L'avevo vista tutti i giorni per anni.
Ma questo non me lo rese più facile.
Anzi, se possibile, me lo rese due volte più difficile.
“Continua a respirare, ok?”
La faceva facile, lei. Callie Torres non le stava premendo una mano sulla bocca mentre la teneva schiacciata contro un muro.
Certo che no, idiota, perché lei è Callie Torres.
Non so come, non so grazie a che cosa e sinceramente non so neanche perché, ma continuai a respirare.
Ok Arizona, hai una sola possibilità.
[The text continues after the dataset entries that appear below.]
Definition CP23 (n : nat) : seq (seq nat) :=
  undup [seq s <- cand n | comp23 n s && cyc_pal s].

(* Number of equivalence classes: each class is represented by the list of
   its members in CP23 n; count the distinct such lists. *)
Definition num_cyc_pal_classes (n : nat) : nat :=
  size (undup [seq [seq t <- CP23 n | dih_equiv s t] | s <- CP23 n]).

From mathcomp Require Import all_boot zify.
Set Implicit Arguments. Unset Strict Implicit. Unset Printing Implicit Defensive.

(* The dihedral class of a cyclic palindrome s is its orbit under rotation.
   If rev s = rot^c s and p is the rotation period of s, then rot^i s is a
   palindrome iff c = 2i (mod p), and satisfies rev t = rot 1 t iff
   c = 2i + 1 (mod p).  As i runs over one period, 2i and 2i + 1 hit every
   residue mod p exactly twice, so summing these two indicators over the
   class gives 2.  Twice the number of classes is therefore P(n) + L(n),
   where P(n) counts the palindromic compositions of n with parts in {2,3}
   and L(n) those with rev t = rot 1 t, i.e. a part followed by a palindrome:
   L(n) = P(n-2) + P(n-3).  Both P and r satisfy f(m+6) = f(m+2) + f(m),
   which with the cases n < 9 gives P(n) + L(n) = 2 r(n). *)

Section CyclicRotation.
Variable T : eqType.
Implicit Types x y : seq T.

(* Unlike [rot k], which is stuck at [x] once [k >= size x], iterating
   [rot 1] is an action of (nat, +). *)
Definition crot k x := iter k (rot 1) x.

Lemma crotD a b x : crot (a + b) x = crot a (crot b x).
Proof. exact: iterD. Qed.

Lemma crotS k x : crot k.+1 x = rot 1 (crot k x).
Proof. by []. Qed.

Lemma crot_inj k : injective (crot k).
Proof. by elim: k => // k IH x y; rewrite !crotS => /rot_inj/IH. Qed.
Dille qualcosa di intelligente. Qualcosa che la lasci senza parole.
“Ehm...”
Sei spacciata.
“Lo so, mi dispiace. Di solito non salto addosso a delle passanti innocenti. Però odio essere seguita dai paparazzi, così ti ho usato per seminarli. Spero che non ti dispiaccia.”
Mi rivolse il suo sorriso più sexy.
“Uh, no.”
Sei super spacciata.
Mi guardò negli occhi.
“Sei molto più bella di persona.”
Appena le parole ebbero lasciato la mia bocca mi colpii con una mano in piena fronte.
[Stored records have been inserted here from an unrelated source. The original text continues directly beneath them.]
(* Let $\mathcal M=(M,<,+,0,\ldots)$ be a definably complete locally o-minimal expansion of an ordered group. Let $(G,\tau)$ be a definable topological group which is definably simple, and which, as a definable topological space, is regular, Hausdorff and definably compact. Then $(G,\tau)$ is either discrete or definably connected in the topology $\tau$.
   Context: ''Definable'' means definable in $\mathcal M$ with parameters. $\mathcal M$ is an expansion of an ordered group $(M,<,+,0)$ whose order is dense without endpoints. It is locally o-minimal if for every definable $X\subseteq M$ and every $a\in M$ there is an open interval $I\ni a$ such that $X\cap I$ is a finite union of points and open intervals; it is definably complete if every definable subset of $M$ has a supremum and an infimum in $M\cup\{\pm\infty\}$. A family $\{S_t: t\in T\}$ of sets is definable if $T$ and $\bigcup_{t\in T}\{t\}\times S_t$ are definable. A definable topological space is a definable set $X$ with a topology admitting a definable family of sets as an open base. A family $\mathcal F$ of sets is filtered if for $B_1,B_2\in\mathcal F$ there is $B_3\in\mathcal F$ with $B_3\subseteq B_1\cap B_2$. A definable topological space is definably compact if every definable filtered family of nonempty closed subsets has nonempty intersection. A definable group is a group whose underlying set and multiplication are definable; a definable topological group is a definable group with a definable topology in which multiplication and inversion are continuous. It is definably simple if it has no nontrivial definable normal subgroup. A definable set is definably connected (in a definable topology) if it has no definable subset, other than the empty set and itself, that is both open and closed. *)

From mathcomp Require Import all_boot.
From Stdlib Require List.

Set Implicit Arguments.
Unset Strict Implicit.
Unset Printing Implicit Defensive.

(* Points of M^n are functions 'I_n -> M. *)
Section Tuples.
Variable M : Type.
Definition tcat m n (x : 'I_m -> M) (y : 'I_n -> M) : 'I_(m + n) -> M :=
  fun i => match split i with inl j => x j | inr k => y k end.
Definition lpart m n (z : 'I_(m + n) -> M) : 'I_m -> M := fun i => z (lshift n i).
Definition rpart m n (z : 'I_(m + n) -> M) : 'I_n -> M := fun i => z (rshift m i).
Definition tsingle (a : M) : 'I_1 -> M := fun _ => a.
End Tuples.

(* The "..." is encoded by the collection [Def n] of the
   subsets of M^n that are definable (with parameters), axiomatized as a
   structure in the sense of van den Dries (Tame topology, Ch. 1, §2):
   boolean algebras, closed under products with M, containing diagonals,
   closed under projection, containing the graphs of < and +, and the
   singletons (parameters). *)
Record expansion := Expansion {
  car :> Type;
  lt : car -> car -> Prop;
  add : car -> car -> car;
  opp : car -> car;
  zero : car;
  addA : forall x y z, add x (add y z) = add (add x y) z;
  add0r : forall x, add zero x = x;
  addr0 : forall x, add x zero = x;
  addNr : forall x, add (opp x) x = zero;
  addrN : forall x, add x (opp x) = zero;
  lt_irrefl : forall x, ~ lt x x;
  lt_trans : forall x y z, lt x y -> lt y z -> lt x z;
  lt_total : forall x y, lt x y \/ x = y \/ lt y x;
  lt_addl : forall x y z, lt x y -> lt (add z x) (add z y);
  lt_addr : forall x y z, lt x y -> lt (add x z) (add y z);
  lt_dense : forall x y, lt x y -> exists z, lt x z /\ lt z y;
  no_max : forall x, exists y, lt x y;
  no_min : forall x, exists y, lt y x;
  Def : forall n : nat, (('I_n -> car) -> Prop) -> Prop;
  Def_compl : forall n A, Def A -> Def (fun x : 'I_n -> car => ~ A x);
  Def_union : forall n A B, Def A -> Def B ->
     Def (fun x : 'I_n -> car => A x \/ B x);
  Def_prodr : forall n A, Def A ->
     Def (fun z : 'I_(n + 1) -> car => A (lpart z));
  Def_prodl : forall n A, Def A ->
     Def (fun z : 'I_(1 + n) -> car => A (rpart z));
  Def_diag : forall n (i j : 'I_n), Def (fun x : 'I_n -> car => x i = x j);
  Def_proj : forall n (A : ('I_(n + 1) -> car) -> Prop), Def A ->
     Def (fun x : 'I_n -> car => exists y, A (tcat x (tsingle y)));
  Def_lt : Def (fun x : 'I_2 -> car => lt (x ord0) (x ord_max));
  Def_add : Def (fun x : 'I_3 -> car =>
     add (x ord0) (x (inord 1)) = x ord_max);
  Def_point : forall a : car, Def (fun x : 'I_1 -> car => x ord0 = a)
}.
Ottimo lavoro, idiota. Adesso puoi andartene e pregare che il tuo idolo si dimentichi di te così in fretta da non usarti come barzelletta da raccontare ai suoi amici.
“Grazie” rispose lei con un sorriso, invece di farsi beffe di me.
Io annuii, decidendo che era meglio tenere la bocca chiusa. Lei capì che ero troppo emozionata per parlare.
“Vediamo se posso aiutare, ok? Tu diresti qualcosa molto simile a: 'Wow, tu sei Callie Torres! Sono la tua più grande fan'. 'Davvero?' replicherei io allora, 'perché anche la tizia che ha il mio nome tatuato sul viso mi ha detto la stessa cosa e quindi dovrò scegliere a chi credere, adesso. Ma dimmi, c'è qualcosa che potrei fare per la mia fan numero due al mondo?' E tu a quel punto chiederesti un autografo, senza nome o dedica, in modo che sia possibile poterlo vendere su internet. Procedo a firmare l'autografo o hai una richiesta più originale?”
Come cavolo era finita una persona come me in mezzo ad un casino del genere?
Oh, giusto.
Teddy Altman era da incolpare per tutto quello.
La mia migliore amica mi aveva convinto che sarebbe stata una grande idea fare un salto al centro commerciale visto che era periodo di saldi, ed io avevo controvoglia accettato.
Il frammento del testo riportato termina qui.